Photo of Omei Turnbull

Omei Turnbull, Player Developer

  • 989 Posts
  • 310 Reply Likes
LinearFold is definitely better in the sense that it is much faster, and its advantage grows as the RNA get longer. But it achieves this speed advantage by not considering all possible foldings, particularly those that involve pairings formed by bases that are far apart in numbering.

Its authors point out specific cases where it seems to get things right when Vienna2 doesn't, but that's true for all the folding engines. I'm not aware of any evidence that Linearfold should be expected to give results better, in general, than Vienna2 for the ribosome.
Photo of DigitalEmbrace

DigitalEmbrace

  • 62 Posts
  • 40 Reply Likes
The Arcplot tool provides a different view for evaluating structure similarity. Here are WT and 2.22 in LinearFold.

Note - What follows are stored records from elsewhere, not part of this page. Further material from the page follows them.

Lemma entails_derivable (Hyp : form -> Prop) hs G :
  (forall h, List.In h hs -> Hyp h) ->
  (forall w, (forall h, List.In h hs -> fval w h) -> fval w G) ->
  derivable C_theorem Hyp G.
Proof.
move=> Hhs HG.
have [rest [Hrest Hlast]] := @valid_from_mp_chain Hyp hs G [:: imps hs G] 0 erefl erefl Hhs.
exists ((imps hs G, RAx) :: rest); split=> //; split=> //=.
by split=> //; apply: valid_C_instance => w; apply: fval_imps; apply: HG.
Qed.

Lemma exists_filter_list (T : Type) (P : T -> Prop) (l : seq T) :
  exists l', forall x, List.In x l' <-> List.In x l /\ P x.
Proof.
elim: l => [|x l [l' IH]]; first by exists nil => y; split=> [|[]].
case: (classic (P x)) => [Px|nPx]; [exists (x :: l') | exists l'] => y /=; rewrite IH.
  by split=> [[<-|[]]|[[<-|]]]; auto.
by split=> [[]|[[<-|]]]; auto.
Qed.

Lemma exists_choice_list (T U : Type) (P : T -> Prop) (R : T -> U -> Prop) (l : seq T) :
  (forall x, P x -> exists y, R x y) ->
  exists ys, forall x, List.In x l -> P x -> exists y, List.In y ys /\ R x y.
Proof.
move=> HR; elim: l => [|x l [ys IH]]; first by exists nil.
case: (classic (P x)) => [/HR [y Rxy]|nPx].
  by exists (y :: ys) => z /= [<- _|Hz Pz]; [exists y; auto | have [y' []] := IH z Hz Pz; eauto].
by exists ys => z /= [<- /nPx []|]; apply: IH.
Qed.

Definition crit_form (e t : term) : form :=
  match e with
  | TEps A => FImp (inst A t) (inst A e)
  | TTau A => FImp (inst A e) (inst A t)
  | _ => FBot
  end.

Lemma belongs_crit_form phi e : belongs phi e -> is_epstau e /\ exists t, phi = crit_form e t.
Proof. by case=> [[A [t [-> ->]]]|[A [t [-> ->]]]]; split=> //; exists t. Qed.

Lemma crit_form_repl_counterexample w e t t' :
  is_epstau e -> ~~ fval w (crit_form e t) -> fval w (frepl e t (crit_form e t')).
Proof.
case: e => // A _ /=; rewrite frepl_inst //.
- by case: (fval w (inst A t)) => //; rewrite implybT.
- by case: (fval w (inst A t)); rewrite ?implybT.
Qed.

Lemma used_crit_In pi phi : used_crit pi phi -> List.In phi (map fst pi).
Proof. exact: List.in_map fst pi (phi, RHyp). Qed.

Lemma elim_set_entails pi D e ts w :
  et_derivation C_theorem pi D ->
  (forall phi, used_crit pi phi -> belongs phi e ->
     exists t, List.In t ts /\ phi = crit_form e t) ->
  (forall s psi, List.In s (e :: ts) -> Gamma pi e psi -> fval w (frepl e s psi)) ->
  exists2 s, List.In s (e :: ts) & fval w (frepl e s D).
Proof.
move=> HD Hts HGamma.
have sound_at s : List.In s (e :: ts) ->
    (forall phi, used_crit pi phi -> belongs phi e -> fval w (frepl e s phi)) ->
    fval w (frepl e s D).
  move=> Hs HLambda; rewrite fval_frepl; apply: derivation_sound HD _ => phi Hphi.
  rewrite /= -fval_frepl; case: (classic (belongs phi e)) => [|nb]; first exact: HLambda.
  by apply: HGamma.
case: (classic (exists phi, [/\ used_crit pi phi, belongs phi e & ~~ fval w phi]))
  => [[phi [Hphi Hb Hn]] | Hnone].
  have [t [Ht Et]] := Hts phi Hphi Hb.
  have [He _] := belongs_crit_form Hb.
  exists t; first by right.
  apply: sound_at => [|psi _ /belongs_crit_form [_ [t' ->]]]; first by right.
  by apply: crit_form_repl_counterexample; rewrite -?Et.
exists e; first by left.
apply: sound_at => [|phi Hphi Hb]; first by left.
by rewrite frepl_self; apply: contraT => Hn; case: Hnone; exists phi.
Qed.

Theorem mainTheorem12 :
  forall (pi : seq (form * rule)) (D : form),
    et_derivation C_theorem pi D ->
    forall e : term, critical_term_of pi e ->
    exists ss : seq term, complete_elim_set C_theorem pi D e ss.
Proof.
(* The construction works for any [e]; if [e] is not critical, no formula of [pi] belongs to it. *)
move=> pi D HD e _.
have [gl Hgl] := exists_filter_list (Gamma pi e) (map fst pi).
have [ts Hts] := @exists_choice_list _ _ (belongs^~ e) (fun phi t => phi = crit_form e t)
  (map fst pi) (fun phi Hphi => (belongs_crit_form Hphi).2).
exists (e :: ts); split=> //.
apply: (@entails_derivable _ (List.flat_map (fun s => map (frepl e s) gl) (e :: ts))).
  move=> _ /List.in_flat_map [s [Hs /List.in_map_iff [psi [<- Hpsi]]]].
  by exists s, psi; split=> //; split=> //; case/Hgl: Hpsi.
move=> w Hw.
have [|s Hs HDs] := elim_set_entails (w := w) HD (fun phi Hphi => Hts phi (used_crit_In Hphi)).
  move=> s psi Hs Hpsi; apply: Hw; apply/List.in_flat_map; exists s; split=> //.
  by apply: List.in_map; apply/Hgl; split=> //; exact: used_crit_In Hpsi.1.
by apply: (fval_bigOr _ HDs); exact: (List.in_map (fun s => frepl e s D) _ _ Hs).
Qed.
Lemma Erefl_unitary s tau : unit_ket tau -> adj (Erefl s tau) *m Erefl s tau = 1%:M.
Proof.
move=> unit_tau; rewrite /Erefl; set k := 1 - expi (- s); set P := ketbra tau tau.
have adjP : adj P = P by rewrite /P /ketbra adjM adjK.
have PP : P *m P = P by rewrite /P /ketbra mulmxA -(mulmxA tau) unit_ketE // mulmx1.
have kk : k^* * k = k + k^*.
  have := expi_unit (- s); rewrite /k rmorphB rmorph1 => e.
  by rewrite mulrBl !mulrBr e; ring.
rewrite adjB adj1 adjZ adjP mulmxBl mul1mx !mulmxBr mulmx1 -!scalemxAl -!scalemxAr PP.
rewrite scalerA kk [(k + _) *: _]scalerDl [k *: P + _]addrC [- (_ + k *: P)]opprD.
by rewrite addNKr opprK subrK.
Qed.

Lemma density_refl s tau sigma :
  unit_ket tau -> density sigma -> density (refl_channel s tau sigma).
Proof.
move=> unit_tau [hs psds trs]; split.
- exact: hermitian_congr.
- exact: psdmx_congr.
- by rewrite mxtrace_mulC mulmxA Erefl_unitary // mul1mx.
Qed.

Definition dme_kraus s rho : 'M[C]_d :=
  (cos s)%:C%C *: 1%:M - ('i%C * (sin s)%:C%C) *: rho.

Lemma conj_i_real (r : R) : ('i%C * r%:C%C : C)^* = - ('i%C * r%:C%C).
Proof. by apply/eqP; rewrite eq_complex /= !mul0r !mul1r !subr0 add0r oppr0 !eqxx. Qed.

Lemma dme_channelE s rho sigma : adj rho = rho ->
  dme_channel s rho sigma = dme_kraus s rho *m sigma *m adj (dme_kraus s rho)
                            + ((sin s) ^+ 2)%:C%C *: (rho - rho *m sigma *m rho).
Proof.
move=> hrho; rewrite /dme_channel /dme_kraus adjB !adjZ adj1 hrho conj_i_real conjC_real.
rewrite !(mulmxBl, mulmxBr) -!scalemxAl -!scalemxAr mul1mx !mulmx1 !scalerA.
rewrite !mulrN -!expr2 exprMn sqr_i !rmorphXn rmorphM /=.
set X := rho *m sigma; set Y := sigma *m rho; set Z := X *m rho.
by apply/matrixP => i j; rewrite !mxE; ring.
Qed.

Lemma psdmx_sub_sandwich rho sigma :
  density rho -> density sigma -> psdmx (rho - rho *m sigma *m rho).
Proof.
move=> densr denss v; have [hr _ _] := densr.
rewrite mxformBmx -{3}hr mxform_congr hr subr_ge0.
apply: le_trans (density_mxform_sqr_le _ densr).
exact: density_mxform_le.
Qed.

Lemma mxtrace_dme s rho sigma :
  \tr rho = 1 -> \tr sigma = 1 -> \tr (dme_channel s rho sigma) = 1.
Proof.
move=> trr trs; rewrite /dme_channel !mxtraceD -scaleNr !mxtraceZ.
rewrite [\tr (_ - _)]raddfB /= mxtrace_mulC subrr.
by rewrite trr trs mulr0 addr0 !mulr1 -rmorphD cos2Dsin2.
Qed.

Lemma density_dme s rho sigma :
  density rho -> density sigma -> density (dme_channel s rho sigma).
Proof.
move=> densr denss; have [hr _ trr] := densr; have [hs psds trs] := denss.
rewrite dme_channelE //; split.
- rewrite adjD adjZ conjC_real (hermitian_congr _ hs); congr (_ + _ *: _).
  by rewrite adjB !adjM hr hs mulmxA.
- apply: psdmxD; first exact: psdmx_congr.
  by apply: psdmxZ; [rewrite lecR sqr_ge0 | exact: psdmx_sub_sandwich].
- by rewrite -dme_channelE // mxtrace_dme.
Qed.

End DensityMatrices.

Section Support.
Variables (R : realType) (d : nat) (tau psi0 : 'cV[R[i]]_d).
Local Notation C := R[i].
Local Notation in_H := (in_Hrel tau psi0).

Definition Hrel_supported n (A : 'M[C]_(d, n)) : Prop := forall j, in_H (col j A).

Lemma in_Hrel0 : in_H 0.
Proof. by exists 0, 0; rewrite !scale0r addr0. Qed.

Lemma in_HrelD u v : in_H u -> in_H v -> in_H (u + v).
Proof.
by move=> [a1 [b1 ->]] [a2 [b2 ->]]; exists (a1 + a2), (b1 + b2); rewrite !scalerDl addrACA.
Qed.

Lemma in_HrelZ a u : in_H u -> in_H (a *: u).
Proof. by move=> [b [c ->]]; exists (a * b), (a * c); rewrite scalerDr !scalerA. Qed.

Lemma in_Hrel_mulmx n (A : 'M[C]_(d, n)) w : Hrel_supported A -> in_H (A *m w).
Proof.
move=> suppA; have -> : A *m w = \sum_k w k ord0 *: col k A.
  apply/matrixP => i j; rewrite !mxE summxE; apply: eq_bigr => k _.
  by rewrite !mxE !ord1 mulrC.
by apply: big_ind => [|u v|k _]; [exact: in_Hrel0 | exact: in_HrelD | exact: in_HrelZ].
Qed.

Lemma Hrel_supported_mulmx n p (A : 'M[C]_(d, n)) (B : 'M[C]_(n, p)) :
  Hrel_supported A -> Hrel_supported (A *m B).
Proof. by move=> suppA j; rewrite colE -mulmxA; apply: in_Hrel_mulmx. Qed.

Lemma Hrel_supportedD n (A B : 'M[C]_(d, n)) :
  Hrel_supported A -> Hrel_supported B -> Hrel_supported (A + B).
Proof. by move=> suppA suppB j; rewrite colE mulmxDl -!colE; apply: in_HrelD. Qed.

Lemma Hrel_supportedZ n a (A : 'M[C]_(d, n)) :
  Hrel_supported A -> Hrel_supported (a *: A).
Proof. by move=> suppA j; rewrite colE -scalemxAl -colE; apply: in_HrelZ. Qed.

Lemma Hrel_supportedB n (A B : 'M[C]_(d, n)) :
  Hrel_supported A -> Hrel_supported B -> Hrel_supported (A - B).
Proof.
by move=> suppA suppB; rewrite -scaleN1r; apply: Hrel_supportedD => //; apply: Hrel_supportedZ.
Qed.

Lemma Hrel_supported_tau : Hrel_supported tau.
Proof. by move=> j; rewrite col_id; exists 1, 0; rewrite scale1r scale0r addr0. Qed.

Lemma Hrel_supported_refl s sigma :
  Hrel_supported sigma -> Hrel_supported (refl_channel s tau sigma).
Proof.
move=> supps; rewrite /refl_channel /Erefl -mulmxA mulmxBl mul1mx -scalemxAl /ketbra -mulmxA.
apply: Hrel_supportedB; first exact: Hrel_supported_mulmx.
by apply/Hrel_supportedZ/Hrel_supported_mulmx/Hrel_supported_tau.
Qed.

Lemma Hrel_supported_dme s rho sigma :
  Hrel_supported rho -> Hrel_supported sigma -> Hrel_supported (dme_channel s rho sigma).
Proof.
move=> suppr supps; rewrite /dme_channel.
apply: Hrel_supportedD; last exact: Hrel_supportedZ.
apply: Hrel_supportedB; first exact: Hrel_supportedZ.
by apply/Hrel_supportedZ/Hrel_supportedB; apply: Hrel_supported_mulmx.
Qed.

Lemma S_rel_apply_op o rho sigma : unit_ket tau ->
  S_rel tau psi0 rho -> S_rel tau psi0 sigma -> S_rel tau psi0 (apply_op tau rho o sigma).
Proof.
move=> unit_tau [densr suppr] [denss supps]; case: o => s; split.
- exact: density_refl.
- exact: Hrel_supported_refl.
- exact: density_dme.
- exact: Hrel_supported_dme.
Qed.

Lemma S_rel_apply_ops os rho sigma : unit_ket tau ->
  S_rel tau psi0 rho -> S_rel tau psi0 sigma -> S_rel tau psi0 (apply_ops tau rho os sigma).
Proof.
move=> unit_tau Srho; elim: os sigma => [|o os IH] sigma Ssigma //=.
by apply: IH; apply: S_rel_apply_op.
Qed.

End Support.

Theorem corollary1 (R : realType) (d : nat) (tau psi0 : 'cV[R[i]]_d)
  (sched : nat -> seq (qdp_op R)) :
  unit_ket tau -> unit_ket psi0 ->
  S_rel tau psi0 (ketbra psi0 psi0) ->
  forall n : nat, S_rel tau psi0 (qdp_state tau psi0 sched n).
Proof.
move=> unit_tau _ S0; elim=> [|n IH] //=.
exact: S_rel_apply_ops.
Qed.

Only a very minor difference, although losing that small fold could be enough to cause a problem.

And here are WT and 2.22 in Vienna2.


2.22 eliminated a small local misfold but added another global misfold.
(Edited)
Photo of DigitalEmbrace

DigitalEmbrace

  • 62 Posts
  • 40 Reply Likes
Continuing Eli's line of thought, the two base pairs that were changed from GU to AU (bases 2413 and 2543) are in domain V although not in the PTC as defined below. (BTW 2413 is a purple ring area.)

The 2641-2773 pair in helix 94 is folding correctly in both LinearFold and Vienna2, confirming those two bases are likely not the problem.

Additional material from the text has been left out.